Palavras chaves: avaliação externa, estado avaliador, políticas educacionais

Introdução

A avaliação é uma atividade muito “cara” para o processo educacional, em duplo


sentido: pela importância outorgada à atividade, e pelo montante de recursos
necessários para sua realização. Muito se tem escrito sobre ela. Nos cursos de formação
docente é um tema bastante discutido, enfatizando sua importância para aprimorar o
aprendizado e melhorar as políticas educacionais. Em outros cursos de graduação que
discutem as políticas públicas, como o de Serviço Social, é debatida a função da
avaliação externa como norteadora de políticas que assegurem direitos sociais.
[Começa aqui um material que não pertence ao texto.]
Definition extension (z : hat L) : Y :=
  proj1_sig (constructive_indefinite_description _ (cY _ (repr_image_cauchy z))).

Lemma extension_converges z : converges dY (fun n => f (hat_repr z n)) (extension z).
Proof. unfold extension; destruct (constructive_indefinite_description _ _) as [l hl]; exact hl. Qed.

Lemma extension_hconst a : extension (io a) = f a.
Proof.
  apply (converges_unique dY (fun n => f (hat_repr (io a) n))); [exact HY|apply extension_converges|].
  intros eps he; destruct (extension_modulus eps he) as [d hd]; exists d; intros n dn.
  apply hd; [exact dn|reflexivity].
Qed.

Lemma extension_continuous : continuous_m (codim_dist H) dY extension.
Proof.
  destruct HY as [_ [_ [sym [tri _]]]].
  intros x eps he; destruct (extension_modulus (eps / 3)) as [d hd]; [lra|].
  exists ((/ 2) ^ d); split; [apply pow_half_pos|intros y hxy].
  apply Rlt_le, hat_dist_le in hxy.
  destruct (extension_converges x (eps / 3)) as [N hN]; [lra|].
  destruct (extension_converges y (eps / 3)) as [N' hN']; [lra|].
  set (n := Nat.max d (Nat.max N N')).
  assert (dn : (d <= n)%nat) by (unfold n; lia).
  specialize (hN n ltac:(unfold n; lia)); specialize (hN' n ltac:(unfold n; lia)).
  assert (close : dY (f (hat_repr x n)) (f (hat_repr y n)) < eps / 3).
  { apply hd; [exact dn|rewrite hxy; apply (hat_repr_pi HL), dn]. }
  pose proof (tri (extension x) (f (hat_repr x n)) (extension y)).
  pose proof (tri (f (hat_repr x n)) (f (hat_repr y n)) (extension y)).
  pose proof (sym (extension x) (f (hat_repr x n))); lra.
Qed.

Lemma extension_unique g : continuous_m (codim_dist H) dY g ->
  (forall a, g (io a) = f a) -> forall z, g z = extension z.
Proof.
  intros hg gf z; apply (converges_unique dY (fun n => f (hat_repr z n)));
    [exact HY| |apply extension_converges].
  intros eps he; destruct (hg z eps he) as [delta [hdelta hd]].
  destruct (pow_half_small delta hdelta) as [d hsmall]; exists d; intros n dn.
  rewrite <- gf, (proj1 (proj2 (proj2 HY))); apply hd.
  refine (Rle_lt_trans _ _ _ (proj2 (hat_dist_le _ _ d) _) hsmall).
  rewrite hconstE, (hat_repr_pi HL z d n dn); reflexivity.
Qed.

End Extension.

Lemma hat_hausdorff_completion : is_hausdorff_completion (codim_dist L) (codim_dist H) io.
Proof.
  split; [exact hat_metric|split; [exact hat_complete|split; [exact hconst_continuous|]]].
  split; [exact hconst_dense|].
  intros Y dY HY cY f hf; exists (extension Y dY f cY hf); split; [|split].
  - apply extension_continuous; exact HY.
  - apply extension_hconst; exact HY.
  - intros g hg gf z; apply (extension_unique Y dY f HY cY hf g hg gf).
Qed.

Lemma metric_open_cylinder d (V : quot L d -> Prop) :
  metric_open (codim_dist H) (fun x => V (proj1_sig x d)).
Proof.
  intros x Vx; exists ((/ 2) ^ d); split; [apply pow_half_pos|intros y hxy].
  apply Rlt_le, hat_dist_le in hxy; rewrite <- hxy; exact Vx.
Qed.

Lemma metric_open_proj_open U : metric_open (codim_dist H) U -> proj_open L U.
Proof.
  intros hU tau [_ [tau_union _]] tau_cyl.
  (* [U] is the union of the cylinders [{y | y_d = x_d}] it contains. *)
  set (cyl := fun (x : hat L) d (y : hat L) => proj1_sig y d = proj1_sig x d).
  replace U with (fun y => exists V, (exists x d, incl (cyl x d) U /\ V = cyl x d) /\ V y).
  - apply tau_union; intros V [x [d [_ ->]]].
    exact (tau_cyl d (fun X => X = proj1_sig x d)).
  - apply pred_ext; intro y; split.
    + intros [V [[x [d [xU ->]]] yV]]; exact (xU y yV).
    + intro Uy; destruct (hU y Uy) as [eps [he ball]].
      destruct (pow_half_small eps he) as [d hd].
      exists (cyl y d); split; [exists y, d; split; [|reflexivity]|reflexivity].
      intros z hz; apply ball; refine (Rle_lt_trans _ _ _ (proj2 (hat_dist_le _ _ d) _) hd).
      symmetry; exact hz.
Qed.

End Completion.

Lemma metric_open_topology {X} (dX : X -> X -> R) : is_topology (metric_open dX).
Proof.
  split; [|split].
  - intros x _; exists 1; split; [lra|trivial].
  - intros F hF x [V [FV Vx]]; destruct (hF V FV x Vx) as [eps [he ball]].
    exists eps; split; [exact he|intros y hy; exists V; split; [exact FV|apply ball, hy]].
  - intros U V hU hV x [Ux Vx].
    destruct (hU x Ux) as [e [he bU]], (hV x Vx) as [e' [he' bV]].
    exists (Rmin e e'); split; [apply Rmin_pos; assumption|intros y hy; split].
    + apply bU, (Rlt_le_trans _ _ _ hy), Rmin_l.
    + apply bV, (Rlt_le_trans _ _ _ hy), Rmin_r.
Qed.

Lemma proj_open_iff_metric_open {T} {L : chops T} (HL : is_coHeyting L) (U : hat L -> Prop) :
  proj_open L U <-> metric_open (codim_dist (hat_chops HL)) U.
Proof.
  split; [|apply metric_open_proj_open].
  intro hU; apply hU; [apply metric_open_topology|apply metric_open_cylinder].
Qed.

Theorem theorem7p2 (T : Type) (L : chops T) (HL : is_coHeyting L) :
  exists (iota : T -> hat L) (H : chops (hat L)),
    (forall a d, proj1_sig (iota a) d = pi L d a) /\
    (forall d, proj1_sig (ch_zero H) d = pi L d (ch_zero L)) /\
    (forall d, proj1_sig (ch_one H) d = pi L d (ch_one L)) /\
    (forall x y d, proj1_sig (ch_join H x y) d = qjoin L d (proj1_sig x d) (proj1_sig y d)) /\
    (forall x y d, proj1_sig (ch_meet H x y) d = qmeet L d (proj1_sig x d) (proj1_sig y d)) /\
    (forall x y d, proj1_sig (ch_diff H x y) d = qdiff L d (proj1_sig x d) (proj1_sig y d)) /\
    is_coHeyting H /\
    is_hausdorff_completion (codim_dist L) (codim_dist H) iota /\
    (forall U : hat L -> Prop, proj_open L U <-> metric_open (codim_dist H) U).
Proof.
  exists (hconst HL), (hat_chops HL).
  split; [apply hconstE|split; [apply hat_zeroE|split; [apply hat_oneE|]]].
  split; [apply hat_joinE|split; [apply hat_meetE|split; [apply hat_diffE|]]].
  split; [exact (hat_coHeyting HL)|split].
  - exact (hat_hausdorff_completion HL).
  - exact (proj_open_iff_metric_open HL).
Qed.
Ocasionalmente confunde-se a avaliação com os instrumentos de medida utilizados,


uma das partes de qualquer processo avaliativo (Horta Neto, 2010). O processo
avaliativo pode ser dividido em três etapas. Na primeira, desenvolvem-se instrumentos,
de caráter quantitativo ou qualitativo, com o objetivo de medir como está o
desenvolvimento do aluno em determinada fase de seu processo de aprendizagem. Na
segunda, esses dados coletados transformam-se em informações indicando as fraquezas
e virtudes do processo medido. Por fim, com base nas informações e nos referenciais
estabelecidos a priori, tomam-se decisões que consolidem o que já está bom ou que
modifiquem situações não desejadas. Por isso, avaliar é muito mais do que medir: é agir
sobre as informações obtidas após uma cuidadosa medição, tendo por base referencias
estabelecidas.

A elaboração de testes para medir o desenvolvimento cognitivo dos alunos, a análise

1 A elaboração e apresentação deste trabalho contou com o apoio da CAPES, através do


Programa Observatório da Educação (Edital 038/2010/CAPES-INEP).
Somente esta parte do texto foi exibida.